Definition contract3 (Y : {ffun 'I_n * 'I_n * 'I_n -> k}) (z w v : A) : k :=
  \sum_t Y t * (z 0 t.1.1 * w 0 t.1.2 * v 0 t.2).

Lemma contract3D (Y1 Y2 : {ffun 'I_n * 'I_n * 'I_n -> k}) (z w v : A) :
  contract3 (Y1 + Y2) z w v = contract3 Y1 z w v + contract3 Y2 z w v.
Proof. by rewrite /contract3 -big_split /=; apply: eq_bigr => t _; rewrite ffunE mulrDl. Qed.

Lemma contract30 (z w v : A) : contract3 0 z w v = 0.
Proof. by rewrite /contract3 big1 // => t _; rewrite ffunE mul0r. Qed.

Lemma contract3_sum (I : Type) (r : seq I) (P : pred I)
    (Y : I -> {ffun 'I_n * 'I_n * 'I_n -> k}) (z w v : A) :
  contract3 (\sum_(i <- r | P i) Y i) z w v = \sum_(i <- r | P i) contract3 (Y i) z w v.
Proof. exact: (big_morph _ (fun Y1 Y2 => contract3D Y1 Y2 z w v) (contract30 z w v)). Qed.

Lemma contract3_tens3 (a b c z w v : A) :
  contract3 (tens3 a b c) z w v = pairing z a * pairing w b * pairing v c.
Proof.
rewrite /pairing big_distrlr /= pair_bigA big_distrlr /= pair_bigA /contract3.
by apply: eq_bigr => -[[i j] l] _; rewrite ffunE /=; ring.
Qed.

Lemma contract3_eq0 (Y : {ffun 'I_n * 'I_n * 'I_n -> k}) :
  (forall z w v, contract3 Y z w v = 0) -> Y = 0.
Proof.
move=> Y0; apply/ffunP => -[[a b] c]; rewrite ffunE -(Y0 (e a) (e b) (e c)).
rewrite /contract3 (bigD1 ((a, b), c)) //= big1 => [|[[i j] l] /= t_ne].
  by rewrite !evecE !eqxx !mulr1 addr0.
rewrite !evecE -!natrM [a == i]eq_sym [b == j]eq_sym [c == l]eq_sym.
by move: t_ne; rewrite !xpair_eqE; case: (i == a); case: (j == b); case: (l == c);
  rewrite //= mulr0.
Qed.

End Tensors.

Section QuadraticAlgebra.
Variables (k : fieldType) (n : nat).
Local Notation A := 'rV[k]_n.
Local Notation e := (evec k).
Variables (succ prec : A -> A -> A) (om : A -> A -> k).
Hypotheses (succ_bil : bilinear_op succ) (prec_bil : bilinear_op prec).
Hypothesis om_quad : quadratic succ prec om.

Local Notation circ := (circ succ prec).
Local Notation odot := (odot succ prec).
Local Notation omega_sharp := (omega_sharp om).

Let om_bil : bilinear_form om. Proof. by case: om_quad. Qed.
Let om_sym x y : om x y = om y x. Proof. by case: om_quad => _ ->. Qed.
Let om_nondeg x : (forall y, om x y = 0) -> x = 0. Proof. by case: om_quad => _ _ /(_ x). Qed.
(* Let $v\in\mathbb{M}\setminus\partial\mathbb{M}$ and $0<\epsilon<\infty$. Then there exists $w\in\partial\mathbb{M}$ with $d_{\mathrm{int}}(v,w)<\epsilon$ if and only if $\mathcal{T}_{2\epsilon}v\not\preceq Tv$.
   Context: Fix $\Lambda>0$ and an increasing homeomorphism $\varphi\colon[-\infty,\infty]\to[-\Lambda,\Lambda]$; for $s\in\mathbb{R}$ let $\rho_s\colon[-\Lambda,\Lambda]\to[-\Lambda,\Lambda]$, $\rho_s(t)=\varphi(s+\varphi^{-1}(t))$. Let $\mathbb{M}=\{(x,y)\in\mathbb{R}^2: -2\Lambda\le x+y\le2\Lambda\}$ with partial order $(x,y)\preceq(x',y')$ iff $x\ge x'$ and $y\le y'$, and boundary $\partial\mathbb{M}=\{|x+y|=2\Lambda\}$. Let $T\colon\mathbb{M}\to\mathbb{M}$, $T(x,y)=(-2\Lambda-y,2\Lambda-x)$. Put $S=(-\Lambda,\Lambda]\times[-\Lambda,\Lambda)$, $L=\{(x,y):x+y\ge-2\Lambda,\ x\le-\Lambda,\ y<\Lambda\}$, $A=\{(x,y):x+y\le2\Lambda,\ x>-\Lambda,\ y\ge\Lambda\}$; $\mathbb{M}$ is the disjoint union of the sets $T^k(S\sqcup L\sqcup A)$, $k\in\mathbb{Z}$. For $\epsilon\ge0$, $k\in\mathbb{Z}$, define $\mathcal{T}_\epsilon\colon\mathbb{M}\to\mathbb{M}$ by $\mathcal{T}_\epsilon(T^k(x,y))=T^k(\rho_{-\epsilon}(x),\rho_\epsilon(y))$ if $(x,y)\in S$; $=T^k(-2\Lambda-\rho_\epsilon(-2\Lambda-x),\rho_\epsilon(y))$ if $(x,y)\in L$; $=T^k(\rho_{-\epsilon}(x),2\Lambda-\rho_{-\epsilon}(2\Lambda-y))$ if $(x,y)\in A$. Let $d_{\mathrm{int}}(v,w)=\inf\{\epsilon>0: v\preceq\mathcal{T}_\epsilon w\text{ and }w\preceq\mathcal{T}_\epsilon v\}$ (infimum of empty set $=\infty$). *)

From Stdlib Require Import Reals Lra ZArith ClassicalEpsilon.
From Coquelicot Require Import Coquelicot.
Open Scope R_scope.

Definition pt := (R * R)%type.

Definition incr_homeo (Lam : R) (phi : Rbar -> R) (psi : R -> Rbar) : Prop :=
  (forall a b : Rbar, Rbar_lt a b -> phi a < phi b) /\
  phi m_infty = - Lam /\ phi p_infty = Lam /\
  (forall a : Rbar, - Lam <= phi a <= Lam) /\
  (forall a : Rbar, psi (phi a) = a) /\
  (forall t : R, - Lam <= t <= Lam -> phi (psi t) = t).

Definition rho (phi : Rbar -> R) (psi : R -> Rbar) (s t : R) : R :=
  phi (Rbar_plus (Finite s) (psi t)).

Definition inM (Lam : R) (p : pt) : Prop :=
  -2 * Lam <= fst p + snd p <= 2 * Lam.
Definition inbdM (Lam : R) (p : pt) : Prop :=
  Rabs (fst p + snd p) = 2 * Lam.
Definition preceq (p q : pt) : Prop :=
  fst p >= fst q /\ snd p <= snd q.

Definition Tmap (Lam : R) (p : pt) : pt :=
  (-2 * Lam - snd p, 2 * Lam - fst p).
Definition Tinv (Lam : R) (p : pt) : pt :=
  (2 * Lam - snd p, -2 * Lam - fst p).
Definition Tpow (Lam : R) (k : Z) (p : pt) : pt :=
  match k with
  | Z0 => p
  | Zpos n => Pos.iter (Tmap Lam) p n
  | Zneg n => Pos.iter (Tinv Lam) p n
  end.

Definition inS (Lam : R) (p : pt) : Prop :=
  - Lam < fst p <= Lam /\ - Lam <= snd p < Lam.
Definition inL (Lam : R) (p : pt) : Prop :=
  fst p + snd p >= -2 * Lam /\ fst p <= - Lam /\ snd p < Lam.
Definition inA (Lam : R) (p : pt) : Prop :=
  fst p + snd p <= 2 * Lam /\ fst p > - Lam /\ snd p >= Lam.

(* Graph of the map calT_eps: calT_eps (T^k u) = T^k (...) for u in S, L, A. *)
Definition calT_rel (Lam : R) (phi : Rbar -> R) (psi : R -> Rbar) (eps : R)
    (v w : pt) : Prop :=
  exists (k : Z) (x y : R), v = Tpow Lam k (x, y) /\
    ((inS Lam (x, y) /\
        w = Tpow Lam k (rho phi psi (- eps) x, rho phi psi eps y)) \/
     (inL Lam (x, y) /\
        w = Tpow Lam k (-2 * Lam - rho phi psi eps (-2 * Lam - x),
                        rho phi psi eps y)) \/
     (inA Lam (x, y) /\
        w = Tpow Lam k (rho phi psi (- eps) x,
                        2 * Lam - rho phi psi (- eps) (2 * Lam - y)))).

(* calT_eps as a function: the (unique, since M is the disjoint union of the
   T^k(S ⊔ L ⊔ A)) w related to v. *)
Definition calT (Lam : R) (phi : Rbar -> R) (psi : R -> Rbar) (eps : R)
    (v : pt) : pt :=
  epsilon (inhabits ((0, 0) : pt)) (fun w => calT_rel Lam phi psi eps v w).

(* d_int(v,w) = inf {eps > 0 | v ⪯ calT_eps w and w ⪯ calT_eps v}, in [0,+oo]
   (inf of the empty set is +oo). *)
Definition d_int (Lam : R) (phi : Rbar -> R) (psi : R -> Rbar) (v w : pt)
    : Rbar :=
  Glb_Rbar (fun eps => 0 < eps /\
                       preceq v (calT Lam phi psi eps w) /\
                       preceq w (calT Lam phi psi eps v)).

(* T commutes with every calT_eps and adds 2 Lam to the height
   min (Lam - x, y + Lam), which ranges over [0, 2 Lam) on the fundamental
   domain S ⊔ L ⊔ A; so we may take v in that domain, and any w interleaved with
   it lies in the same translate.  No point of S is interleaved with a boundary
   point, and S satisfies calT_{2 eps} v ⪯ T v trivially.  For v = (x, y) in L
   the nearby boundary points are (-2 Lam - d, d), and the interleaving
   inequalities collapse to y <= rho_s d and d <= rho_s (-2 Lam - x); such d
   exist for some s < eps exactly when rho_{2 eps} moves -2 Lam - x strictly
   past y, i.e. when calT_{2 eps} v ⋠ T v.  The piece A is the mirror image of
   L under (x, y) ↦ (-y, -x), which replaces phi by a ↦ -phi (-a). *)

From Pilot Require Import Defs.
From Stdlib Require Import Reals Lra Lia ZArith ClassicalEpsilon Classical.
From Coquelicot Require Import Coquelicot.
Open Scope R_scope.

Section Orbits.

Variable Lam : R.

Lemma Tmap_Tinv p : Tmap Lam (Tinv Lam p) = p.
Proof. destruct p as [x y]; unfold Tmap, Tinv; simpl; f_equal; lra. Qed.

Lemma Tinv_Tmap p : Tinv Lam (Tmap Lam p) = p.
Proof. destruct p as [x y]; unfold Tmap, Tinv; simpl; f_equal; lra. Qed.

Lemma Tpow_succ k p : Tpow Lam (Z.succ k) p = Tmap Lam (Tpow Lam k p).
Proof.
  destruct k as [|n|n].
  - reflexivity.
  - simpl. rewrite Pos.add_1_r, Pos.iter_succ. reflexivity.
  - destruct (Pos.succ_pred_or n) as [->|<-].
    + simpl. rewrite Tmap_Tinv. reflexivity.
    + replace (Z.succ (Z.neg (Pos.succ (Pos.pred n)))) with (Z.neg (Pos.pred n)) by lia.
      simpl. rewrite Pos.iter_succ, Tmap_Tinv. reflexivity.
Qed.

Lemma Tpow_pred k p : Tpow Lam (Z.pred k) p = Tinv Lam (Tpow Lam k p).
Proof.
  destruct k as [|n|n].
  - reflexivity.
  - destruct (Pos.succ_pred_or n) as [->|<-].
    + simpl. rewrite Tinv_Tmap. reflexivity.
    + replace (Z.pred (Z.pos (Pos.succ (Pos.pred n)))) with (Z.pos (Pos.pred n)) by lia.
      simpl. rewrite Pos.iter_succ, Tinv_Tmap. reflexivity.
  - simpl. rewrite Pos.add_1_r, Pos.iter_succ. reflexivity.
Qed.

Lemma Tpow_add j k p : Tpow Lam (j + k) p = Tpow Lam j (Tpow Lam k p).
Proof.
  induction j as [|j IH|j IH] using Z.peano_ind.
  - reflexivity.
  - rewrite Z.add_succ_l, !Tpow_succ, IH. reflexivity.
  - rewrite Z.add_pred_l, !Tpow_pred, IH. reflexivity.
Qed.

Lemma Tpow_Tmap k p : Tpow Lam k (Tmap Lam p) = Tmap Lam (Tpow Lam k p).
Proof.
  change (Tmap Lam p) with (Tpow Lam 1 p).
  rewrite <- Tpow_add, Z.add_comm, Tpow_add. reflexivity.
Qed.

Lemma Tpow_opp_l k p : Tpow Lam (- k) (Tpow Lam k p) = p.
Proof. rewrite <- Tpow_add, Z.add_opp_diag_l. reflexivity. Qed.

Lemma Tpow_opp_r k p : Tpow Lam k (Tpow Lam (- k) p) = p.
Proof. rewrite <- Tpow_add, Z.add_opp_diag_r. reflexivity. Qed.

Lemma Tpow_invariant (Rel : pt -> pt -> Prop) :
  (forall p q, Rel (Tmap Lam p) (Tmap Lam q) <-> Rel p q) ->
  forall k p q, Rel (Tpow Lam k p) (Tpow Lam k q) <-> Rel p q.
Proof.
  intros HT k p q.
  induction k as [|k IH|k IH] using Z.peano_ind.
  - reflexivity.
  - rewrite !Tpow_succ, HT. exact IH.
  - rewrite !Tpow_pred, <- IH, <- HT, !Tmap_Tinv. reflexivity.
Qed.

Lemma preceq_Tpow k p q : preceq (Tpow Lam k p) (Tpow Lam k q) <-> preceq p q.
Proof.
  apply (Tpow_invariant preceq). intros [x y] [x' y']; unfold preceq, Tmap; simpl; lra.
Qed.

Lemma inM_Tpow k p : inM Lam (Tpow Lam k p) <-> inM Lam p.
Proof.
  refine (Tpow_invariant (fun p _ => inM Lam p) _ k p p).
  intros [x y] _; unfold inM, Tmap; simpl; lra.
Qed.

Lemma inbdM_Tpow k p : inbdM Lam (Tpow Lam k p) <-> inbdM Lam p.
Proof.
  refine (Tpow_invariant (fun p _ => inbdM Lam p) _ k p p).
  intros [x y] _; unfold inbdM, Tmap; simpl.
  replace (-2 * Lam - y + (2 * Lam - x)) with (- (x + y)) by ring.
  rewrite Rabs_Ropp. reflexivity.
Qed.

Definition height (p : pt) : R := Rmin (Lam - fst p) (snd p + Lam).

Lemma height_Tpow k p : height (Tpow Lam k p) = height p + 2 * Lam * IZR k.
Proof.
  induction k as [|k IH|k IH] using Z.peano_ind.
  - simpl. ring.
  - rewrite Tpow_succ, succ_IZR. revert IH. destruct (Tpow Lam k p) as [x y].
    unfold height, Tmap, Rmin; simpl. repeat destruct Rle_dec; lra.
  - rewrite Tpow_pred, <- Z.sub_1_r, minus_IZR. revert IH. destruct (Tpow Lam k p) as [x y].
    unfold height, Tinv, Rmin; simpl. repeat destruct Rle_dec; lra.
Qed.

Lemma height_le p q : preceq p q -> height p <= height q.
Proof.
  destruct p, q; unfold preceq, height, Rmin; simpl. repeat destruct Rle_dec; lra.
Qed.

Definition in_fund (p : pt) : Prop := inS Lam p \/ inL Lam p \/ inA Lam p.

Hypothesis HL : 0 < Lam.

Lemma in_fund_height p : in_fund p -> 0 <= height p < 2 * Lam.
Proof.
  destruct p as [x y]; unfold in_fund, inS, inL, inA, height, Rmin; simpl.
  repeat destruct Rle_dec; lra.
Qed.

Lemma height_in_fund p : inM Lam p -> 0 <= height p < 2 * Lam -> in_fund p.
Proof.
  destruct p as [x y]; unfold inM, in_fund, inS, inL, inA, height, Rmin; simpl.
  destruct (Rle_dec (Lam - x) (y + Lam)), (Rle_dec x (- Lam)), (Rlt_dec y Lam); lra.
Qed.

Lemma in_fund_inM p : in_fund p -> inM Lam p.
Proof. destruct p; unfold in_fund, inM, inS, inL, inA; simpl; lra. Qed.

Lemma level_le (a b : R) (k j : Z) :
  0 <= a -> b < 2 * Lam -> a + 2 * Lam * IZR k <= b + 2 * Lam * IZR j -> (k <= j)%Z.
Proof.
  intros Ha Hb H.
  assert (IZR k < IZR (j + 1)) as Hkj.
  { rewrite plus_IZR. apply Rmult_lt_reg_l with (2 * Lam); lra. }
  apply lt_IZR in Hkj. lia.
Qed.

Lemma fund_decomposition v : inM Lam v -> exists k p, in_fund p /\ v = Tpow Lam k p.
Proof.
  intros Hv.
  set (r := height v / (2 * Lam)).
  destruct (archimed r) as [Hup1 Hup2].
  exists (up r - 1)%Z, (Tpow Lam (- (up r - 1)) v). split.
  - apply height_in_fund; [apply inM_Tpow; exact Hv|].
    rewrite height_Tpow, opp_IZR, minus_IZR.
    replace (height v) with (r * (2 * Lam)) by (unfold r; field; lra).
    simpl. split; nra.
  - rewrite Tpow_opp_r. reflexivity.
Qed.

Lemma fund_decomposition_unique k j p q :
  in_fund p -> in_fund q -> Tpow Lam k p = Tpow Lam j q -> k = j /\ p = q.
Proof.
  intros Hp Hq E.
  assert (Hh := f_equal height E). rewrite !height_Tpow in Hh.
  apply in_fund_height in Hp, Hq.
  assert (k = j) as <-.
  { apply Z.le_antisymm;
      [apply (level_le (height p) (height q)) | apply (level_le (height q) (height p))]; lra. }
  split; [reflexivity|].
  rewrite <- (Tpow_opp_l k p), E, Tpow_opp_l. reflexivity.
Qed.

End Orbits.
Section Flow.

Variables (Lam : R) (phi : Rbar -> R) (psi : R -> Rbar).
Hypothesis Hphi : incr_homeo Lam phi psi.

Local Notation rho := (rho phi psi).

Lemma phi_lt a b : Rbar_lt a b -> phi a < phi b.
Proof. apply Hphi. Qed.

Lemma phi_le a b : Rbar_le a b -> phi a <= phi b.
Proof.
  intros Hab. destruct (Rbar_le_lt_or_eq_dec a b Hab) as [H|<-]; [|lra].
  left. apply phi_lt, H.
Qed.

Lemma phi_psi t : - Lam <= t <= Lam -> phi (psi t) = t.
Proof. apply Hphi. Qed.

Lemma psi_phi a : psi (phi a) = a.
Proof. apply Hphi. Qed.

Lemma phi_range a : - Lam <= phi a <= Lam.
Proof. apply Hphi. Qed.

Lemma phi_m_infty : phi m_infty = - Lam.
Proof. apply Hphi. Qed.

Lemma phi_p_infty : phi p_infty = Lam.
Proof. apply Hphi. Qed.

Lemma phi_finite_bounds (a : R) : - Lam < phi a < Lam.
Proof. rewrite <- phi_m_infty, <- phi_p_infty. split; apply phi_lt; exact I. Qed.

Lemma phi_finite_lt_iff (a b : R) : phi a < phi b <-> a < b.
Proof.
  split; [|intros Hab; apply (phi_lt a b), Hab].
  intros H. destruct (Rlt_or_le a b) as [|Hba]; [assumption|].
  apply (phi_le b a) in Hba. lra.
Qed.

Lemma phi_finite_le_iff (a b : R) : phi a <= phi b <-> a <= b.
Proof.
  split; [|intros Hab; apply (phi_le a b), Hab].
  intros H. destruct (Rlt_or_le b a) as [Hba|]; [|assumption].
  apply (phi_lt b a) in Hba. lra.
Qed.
******************************
Return only the exact lines from the opening of the records through the line that contains "Hypothesis om_quad : quadratic succ prec om.", both included.

Final answer:
Definition contract3 (Y : {ffun 'I_n * 'I_n * 'I_n -> k}) (z w v : A) : k :=
  \sum_t Y t * (z 0 t.1.1 * w 0 t.1.2 * v 0 t.2).

Lemma contract3D (Y1 Y2 : {ffun 'I_n * 'I_n * 'I_n -> k}) (z w v : A) :
  contract3 (Y1 + Y2) z w v = contract3 Y1 z w v + contract3 Y2 z w v.
Proof. by rewrite /contract3 -big_split /=; apply: eq_bigr => t _; rewrite ffunE mulrDl. Qed.

Lemma contract30 (z w v : A) : contract3 0 z w v = 0.
Proof. by rewrite /contract3 big1 // => t _; rewrite ffunE mul0r. Qed.

Lemma contract3_sum (I : Type) (r : seq I) (P : pred I)
    (Y : I -> {ffun 'I_n * 'I_n * 'I_n -> k}) (z w v : A) :
  contract3 (\sum_(i <- r | P i) Y i) z w v = \sum_(i <- r | P i) contract3 (Y i) z w v.
Proof. exact: (big_morph _ (fun Y1 Y2 => contract3D Y1 Y2 z w v) (contract30 z w v)). Qed.

Lemma contract3_tens3 (a b c z w v : A) :
  contract3 (tens3 a b c) z w v = pairing z a * pairing w b * pairing v c.
Proof.
rewrite /pairing big_distrlr /= pair_bigA big_distrlr /= pair_bigA /contract3.
by apply: eq_bigr => -[[i j] l] _; rewrite ffunE /=; ring.
Qed.

Lemma contract3_eq0 (Y : {ffun 'I_n * 'I_n * 'I_n -> k}) :
  (forall z w v, contract3 Y z w v = 0) -> Y = 0.
Proof.
move=> Y0; apply/ffunP => -[[a b] c]; rewrite ffunE -(Y0 (e a) (e b) (e c)).
rewrite /contract3 (bigD1 ((a, b), c)) //= big1 => [|[[i j] l] /= t_ne].
  by rewrite !evecE !eqxx !mulr1 addr0.
rewrite !evecE -!natrM [a == i]eq_sym [b == j]eq_sym [c == l]eq_sym.
by move: t_ne; rewrite !xpair_eqE; case: (i == a); case: (j == b); case: (l == c);
  rewrite //= mulr0.
Qed.

End Tensors.

Section QuadraticAlgebra.
Variables (k : fieldType) (n : nat).
Local Notation A := 'rV[k]_n.
Local Notation e := (evec k).
Variables (succ prec : A -> A -> A) (om : A -> A -> k).
Hypotheses (succ_bil : bilinear_op succ) (prec_bil : bilinear_op prec).
Hypothesis om_quad : quadratic succ prec om.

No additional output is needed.